Instructions for the task:
Look through the entries for the string "eqxx", and copy each line that holds it.

Data supplied:
(* Let $G$ be a cyclic group of order $n\ge 4$. Then $\{2,n-2,n-1\}\in\mathcal L(G)$.
   Context: For a finite abelian group $G$, a sequence over $G$ is an element of the free abelian monoid $\mathcal F(G)$ with basis $G$ (a finite unordered list of elements of $G$, repetitions allowed). $\mathcal B(G)$ is the monoid of zero-sum sequences over $G$ (including the empty sequence). An atom is a minimal zero-sum sequence, i.e. a nonempty zero-sum sequence that is not a product of two nonempty zero-sum sequences. For $B\in\mathcal B(G)$, $\mathsf L(B)=\{k\in\mathbb N_0: B \text{ is a product of } k \text{ atoms}\}$, and $\mathcal L(G)=\{\mathsf L(B):B\in\mathcal B(G)\}$. *)

From mathcomp Require Import all_boot all_order all_algebra.
Set Implicit Arguments. Unset Strict Implicit. Unset Printing Implicit Defensive.
Import GRing.Theory.
Local Open Scope ring_scope.

(* Sequences over an (additive) abelian group T are finite unordered lists:
   we represent them by [seq T] and identify sequences up to permutation
   ([perm_eq]); the monoid product of sequences is concatenation. *)

Definition zero_sum (T : zmodType) (S : seq T) : Prop := \sum_(x <- S) x = 0.

Definition atom (T : zmodType) (A : seq T) : Prop :=
  A <> [::] /\ zero_sum A /\
  ~ (exists S1 S2 : seq T, S1 <> [::] /\ S2 <> [::] /\ zero_sum S1 /\
       zero_sum S2 /\ perm_eq A (S1 ++ S2)).

Definition in_lengths (T : zmodType) (B : seq T) (k : nat) : Prop :=
  exists F : seq (seq T),
    size F = k /\ (forall A, A \in F -> atom A) /\ perm_eq B (flatten F).

Definition in_system_of_sets (T : zmodType) (X : nat -> Prop) : Prop :=
  exists B : seq T, zero_sum B /\ forall k, in_lengths B k <-> X k.

(* We write n = m + 4 and take B = U (-U), where U = 2 1^(n-2) is an atom.
   - B has factorizations of lengths 2, n-2 and n-1, namely
       U (-U),   (2,-1,-1) (-2,1,1) (1,-1)^(n-4),   (2,-2) (1,-1)^(n-2).
   - Conversely, record for each atom A dividing B its profile
     (#1's, #(-1)'s, #(+-2)'s).  Either A = (1,-1), or A contains units of only
     one sign and at least one of +-2; if it contains exactly one of them, say v,
     then v + k e = 0 with e = +-1 and k < n units, which forces k = n-2 or 2.
     A purely arithmetic count of such profiles with totals (n-2, n-2, 2)
     shows that every factorization has length 2, n-2 or n-1.
   The file first proves general facts on atoms over any abelian group, then
   the arithmetic of profiles, then the facts about Z/nZ and the two inclusions;
   the theorem comes last. *)

From mathcomp Require Import all_boot all_order all_algebra.
From mathcomp Require Import zify.
Set Implicit Arguments. Unset Strict Implicit. Unset Printing Implicit Defensive.
Import GRing.Theory.
Local Open Scope ring_scope.

Section Atoms.
Variable T : zmodType.
Implicit Types (A S : seq T) (c x : T).

Lemma sum_nseq k c : \sum_(x <- nseq k c) x = c *+ k.
Proof. by elim: k => [|k IH]; rewrite ?big_nil //= big_cons IH mulrS. Qed.

Lemma constant_seq c S : {in S, forall x, x = c} -> S = nseq (size S) c.
Proof. by move=> Sc; apply/all_pred1P/allP => x /Sc ->; rewrite /= eqxx. Qed.

Lemma zero_sum_cat S1 S2 : zero_sum S1 -> zero_sum S2 -> zero_sum (S1 ++ S2).
Proof. by rewrite /zero_sum big_cat /= => -> ->; rewrite addr0. Qed.

(* If an atom is rearranged as S1 ++ S2 with S1 zero-sum, then S1 or S2 is
   empty: the complement of a zero-sum subsequence is again zero-sum. *)
Lemma atom_split A S1 S2 :
  atom A -> perm_eq A (S1 ++ S2) -> zero_sum S1 -> S1 = [::] \/ S2 = [::].
Proof.
move=> [_ [zA not_split]] AS z1.
case: S1 AS z1 => [|x1 S1] AS z1; first by left.
case: S2 AS => [|x2 S2] AS; first by right.
exfalso; apply: not_split; exists (x1 :: S1), (x2 :: S2); do 4!split => //.
by move: zA; rewrite /zero_sum (perm_big _ AS) big_cat /= z1 add0r.
Qed.

(* Negation is an automorphism of B(T), so it maps atoms to atoms. *)
Lemma atom_opp A : atom A -> atom (map -%R A).
Proof.
move=> aA; have [A_ne [zA _]] := aA.
have zero_sum_opp S : zero_sum S -> zero_sum (map -%R S).
  by rewrite /zero_sum big_map sumrN => ->; rewrite oppr0.
split; first by case: A A_ne {aA zA}.
split; first exact: zero_sum_opp.
move=> [S1 [S2 [n1 [n2 [z1 [z2 AS]]]]]].
have AS' : perm_eq A (map -%R S1 ++ map -%R S2).
  by rewrite -map_cat -[A](mapK opprK); apply: perm_map.
case: (atom_split aA AS' (zero_sum_opp _ z1)) => /(congr1 size); rewrite size_map.
  by case: S1 n1 {z1 AS AS'}.
by case: S2 n2 {z2 AS AS'}.
Qed.

(* A nonempty zero-sum sequence of at most three nonzero terms is an atom:
   a proper zero-sum factor would be a single term, hence zero. *)
Lemma atom_short A :
  A <> [::] -> {in A, forall x, x != 0} -> (size A <= 3)%N -> zero_sum A ->
  atom A.
Proof.
move=> A_ne nzA szA zA; do 2!split => //.
move=> [S1 [S2 [n1 [n2 [z1 [z2 AS]]]]]].
have no_singleton S : zero_sum S -> {subset S <= A} -> size S <> 1%N.
  case: S => [|x [|]] //= zS SA _.
  move: zS; rewrite /zero_sum big_seq1 => x0.
  by move: (nzA x (SA x (mem_head _ _))); rewrite x0 eqxx.
have szS := perm_size AS; rewrite size_cat in szS.
have /no_singleton S1_ge2 : {subset S1 <= A}.
  by move=> x xS; rewrite (perm_mem AS) mem_cat xS.
have /no_singleton S2_ge2 : {subset S2 <= A}.
  by move=> x xS; rewrite (perm_mem AS) mem_cat xS orbT.
move: (S1_ge2 z1) (S2_ge2 z2) n1 n2; case: S1 {AS z1 S1_ge2} szS => [|? [|? ?]];
  case: S2 {z2 S2_ge2} => [|? [|? ?]] //=; lia.
Qed.

Definition pair_atom c : seq T := [:: c; - c].
Definition triple_atom c : seq T := [:: c *+ 2; - c; - c].

Lemma atom_pair c : c != 0 -> atom (pair_atom c).
Proof.
move=> c0; apply: atom_short => //.
  by move=> x; rewrite !inE => /orP [] /eqP ->; rewrite ?oppr_eq0.
by rewrite /zero_sum !big_cons big_nil addr0 subrr.
Qed.

Lemma atom_triple c : c != 0 -> c *+ 2 != 0 -> atom (triple_atom c).
Proof.
move=> c0 c20; apply: atom_short => //.
  by move=> x; rewrite !inE => /or3P [] /eqP ->; rewrite ?oppr_eq0.
by rewrite /zero_sum !big_cons big_nil addr0 mulr2n -opprD subrr.
Qed.

End Atoms.

Section Profiles.
Local Open Scope nat_scope.

(* Possible numbers (a, b) of 1's and -1's in an atom dividing B that contains
   exactly one of +-2; here N stands for n-2. *)
Definition one_two_profile (N a b : nat) : Prop :=
  (a = N /\ b = 0) \/ (a = 2 /\ b = 0) \/ (a = 0 /\ b = N) \/ (a = 0 /\ b = 2).

(* Possible profiles (a, b, s) = (#1's, #(-1)'s, #(+-2)'s) of an atom dividing
   B: the pair (1,-1), or an atom with units of one sign only and s > 0. *)
Definition atom_profile (N : nat) (t : nat * nat * nat) : Prop :=
  let: (a, b, s) := t in
  (a = 1 /\ b = 1 /\ s = 0) \/
  0 < s /\ (a = 0 \/ b = 0) /\ (s = 1 -> one_two_profile N a b).

(* Counting: a list of profiles with totals (N, N, 2) has length 2, N or N+1.
   Pairs contribute (1,1,0); at most two profiles have s > 0, and the totals
   leave only a few combinations for them. *)
Lemma size_of_profiles N (L : seq (nat * nat * nat)) :
  {in L, forall t, atom_profile N t} ->
  \sum_(t <- L) t.1.1 = N -> \sum_(t <- L) t.1.2 = N -> \sum_(t <- L) t.2 = 2 ->
  size L \in [:: 2; N; N.+1].
Proof.
move=> prof sA sB sS.
pose P := [seq t <- L | t.2 == 0]; pose Q := [seq t <- L | t.2 != 0].
have split_sum (f : nat * nat * nat -> nat) :
    \sum_(t <- L) f t = \sum_(t <- P) f t + \sum_(t <- Q) f t.
  by rewrite (bigID (fun t => t.2 == 0)) /= !big_filter.
have pairP t : t \in P -> t = (1, 1, 0).
  rewrite mem_filter => /andP [/eqP s0 /prof].
  by case: t s0 => [[a b] s] /= -> [[-> [-> _]]|[]].
have sumP (f : nat * nat * nat -> nat) : \sum_(t <- P) f t = f (1, 1, 0) * size P.
  rewrite (eq_big_seq (fun=> f (1, 1, 0))) => [|t /pairP -> //].
  by rewrite big_const_seq count_predT iter_addn_0.
have profQ t : t \in Q -> atom_profile N t /\ 0 < t.2.
  by rewrite mem_filter => /andP [s0 /prof]; split; last by rewrite lt0n.
have sizeL : size L = size P + size Q by rewrite !size_filter count_predC.
rewrite sizeL; rewrite !split_sum !sumP in sA sB sS.
clearbody P Q; clear split_sum sumP pairP sizeL.
have in2 (t1 t2 : nat * nat * nat) s : t2 \in [:: t1, t2 & s].
  by rewrite !inE eqxx orbT.
have in3 (t1 t2 t3 : nat * nat * nat) s : t3 \in [:: t1, t2, t3 & s].
  by rewrite !inE eqxx !orbT.
rewrite !inE /atom_profile /one_two_profile in profQ *.
case: Q profQ sA sB sS => [|[[a1 b1] s1] [|[[a2 b2] s2] [|[[a3 b3] s3] Q]]] profQ;
  rewrite ?big_cons ?big_nil /=.
- lia.
- by move: (profQ _ (mem_head _ _)) => /=; lia.
- by move: (profQ _ (mem_head _ _)) (profQ _ (in2 _ _ [::])) => /=; lia.
- move: (profQ _ (mem_head _ _)) (profQ _ (in2 _ _ _)).
  by move: (profQ _ (in3 _ _ _ Q)) => /=; lia.
Qed.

Output of the task:
Proof. by move=> Sc; apply/all_pred1P/allP => x /Sc ->; rewrite /= eqxx. Qed.
  by move: (nzA x (SA x (mem_head _ _))); rewrite x0 eqxx.
  by rewrite !inE eqxx orbT.
  by rewrite !inE eqxx !orbT.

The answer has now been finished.